What is the difference between JDBC and JDBI?

(I am the primary author of jDBI)

jDBI is a convenience library built on top of JDBC. JDBC works very well but generally seems to optimize for the database vendors (driver writers) over the users. jDBI attempts to expose the same functionality, but in an API optimized for users.

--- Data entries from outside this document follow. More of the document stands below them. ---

(* For every precubical set $X$, the stream realization $\vec{|X|}$ is path-ordered.
   Context: Streams: a circulation on a space $X$ assigns to each open $V\subset X$ a preorder $\leqslant_V$ such that for every collection $\mathcal{O}$ of open sets, $\leqslant_{\bigcup\mathcal{O}}$ is the preorder with smallest graph containing $\bigcup_{V\in\mathcal{O}}\mathrm{graph}(\leqslant_V)$; a stream is a space with a circulation; a stream map $f:X\to Y$ is continuous with $f(x)\leqslant_V f(y)$ whenever $x\leqslant_{f^{-1}V}y$. Streams form a cocomplete category, colimits being computed on underlying spaces with the final circulation. $\vec\square[1]$ is $[0,1]$ with circulation $x\leqslant_V y$ iff $x\le y$ and $[x,y]\subset V$; a dipath on $X$ is a stream map $\vec\square[1]\to X$. $X$ is path-ordered if whenever $V\subset X$ is open and $x\leqslant_V y$ there is a dipath from $x$ to $y$ with image in $V$. $\square$ is the smallest subcategory of posets and monotone maps closed under cartesian products (unit $\{0\}$) containing $\delta_\pm:\{0\}\to\{0<1\}$; a precubical set is a functor $X:\square^{op}\to\mathbf{Set}$, $X_n=X([1]^n)$. $\vec\square[n]$ is the $n$-fold product of $\vec\square[1]$ in streams, $\square$-morphisms extend linearly to stream maps, and the stream realization is the coend $\vec{|X|}=\int^{[1]^n}X_n\cdot\vec\square[n]$ in streams. *)

From Stdlib Require Import Reals.
From mathcomp Require Import all_boot.

Set Implicit Arguments.
Unset Strict Implicit.
Unset Printing Implicit Defensive.

(* A (pre)stream: a carrier with a family of "open" subsets and, for each
   subset V, a relation circ V (only meaningful for open V). The axioms are
   collected in the predicate [is_stream] below. *)
Record stream := Stream {
  carrier :> Type;
  isopen : (carrier -> Prop) -> Prop;
  circ : (carrier -> Prop) -> carrier -> carrier -> Prop }.
Arguments isopen : clear implicits.
Arguments circ : clear implicits.

Definition bigunion (T : Type) (O : (T -> Prop) -> Prop) : T -> Prop :=
  fun x => exists V, O V /\ V x.

Definition is_topology (X : stream) : Prop :=
  isopen X (fun _ => True) /\
  (forall O : (X -> Prop) -> Prop,
      (forall V, O V -> isopen X V) -> isopen X (bigunion O)) /\
  (forall U V, isopen X U -> isopen X V -> isopen X (fun x => U x /\ V x)).

Definition preorder_on (T : Type) (W : T -> Prop) (r : T -> T -> Prop) : Prop :=
  (forall x y, r x y -> W x /\ W y) /\
  (forall x, W x -> r x x) /\
  (forall x y z, r x y -> r y z -> r x z).

(* the preorder on W with smallest graph containing rl (rl has graph in W x W) *)
Inductive pclos (T : Type) (W : T -> Prop) (rl : T -> T -> Prop) : T -> T -> Prop :=
| pclos_refl x : W x -> pclos W rl x x
| pclos_step x y : rl x y -> pclos W rl x y
| pclos_trans x y z : pclos W rl x y -> pclos W rl y z -> pclos W rl x z.

Definition is_circulation (X : stream) : Prop :=
  (forall V, isopen X V -> preorder_on V (circ X V)) /\
  (forall O : (X -> Prop) -> Prop, (forall V, O V -> isopen X V) ->
     forall x y, circ X (bigunion O) x y <->
       pclos (bigunion O) (fun a b => exists V, O V /\ circ X V a b) x y).

Definition is_stream (X : stream) : Prop := is_topology X /\ is_circulation X.

Definition is_stream_map (X Y : stream) (f : X -> Y) : Prop :=
  (forall V, isopen Y V -> isopen X (fun x => V (f x))) /\
  (forall V, isopen Y V -> forall x y,
      circ X (fun z => V (f z)) x y -> circ Y V (f x) (f y)).

Definition unit_interval : Type := {t : R | Rle R0 t /\ Rle t R1}.

Definition vI1 : stream :=
  @Stream unit_interval
    (fun U => exists W : R -> Prop, open_set W /\
                forall t : unit_interval, U t <-> W (proj1_sig t))
    (fun V x y => Rle (proj1_sig x) (proj1_sig y) /\
        forall z : unit_interval,
          Rle (proj1_sig x) (proj1_sig z) -> Rle (proj1_sig z) (proj1_sig y) -> V z).

Lemma i0_proof : Rle R0 R0 /\ Rle R0 R1.
Proof. split; [apply Rle_refl | apply Rlt_le, Rlt_0_1]. Qed.
Lemma i1_proof : Rle R0 R1 /\ Rle R1 R1.
Proof. split; [apply Rlt_le, Rlt_0_1 | apply Rle_refl]. Qed.
Definition i0 : vI1 := (exist (fun t => Rle R0 t /\ Rle t R1) R0 i0_proof : unit_interval).
Definition i1 : vI1 := (exist (fun t => Rle R0 t /\ Rle t R1) R1 i1_proof : unit_interval).

Definition dipath (X : stream) (g : vI1 -> X) : Prop := is_stream_map g.

Definition path_ordered (X : stream) : Prop :=
  forall V, isopen X V -> forall x y, circ X V x y ->
    exists g : vI1 -> X, dipath g /\ g i0 = x /\ g i1 = y /\ forall t, V (g t).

It is much lower level than things like Hibernate or JPA. The closest similar library is probably MyBatis (forked successor to iBATIS).

jDBI supports two style APIs, an older fluent style, which looks like:

List<Something> r = h.createQuery("select * from something where name = :name and id = :id")
                .bind(0, "eric")
                .bind("id", 1)
                .map(Something.class)
                .list();

A newer SQL Object API does much more reflective type stuff and really does start to abstract a bunch of JDBC stuff:

interface TheBasics
{
    @SqlUpdate("insert into something (id, name) values (:id, :name)")
    int insert(@BindBean Something something);

    @SqlQuery("select id, name from something where id = :id")
    Something findById(@Bind("id") long id);
}

@Test
public void useTheBasics() throws Exception
{
    TheBasics dao = dbi.onDemand(TheBasics.class);

    dao.insert(new Something(7, "Martin"));

    Something martin = dao.findById(7);
}

The library has good reference docs (javadoc) and some reasonable tutorial style documentation at http://jdbi.org/. It has been around since 2004, and is used by a relatively small number of folks (some few dozen people I know of personally, and maybe a dozen companies) but it works very well for them. Most of the folks who work on it are A+ folks, and are primarily concerned with building a tool that works well for them -- that it is open source is largely a side effect.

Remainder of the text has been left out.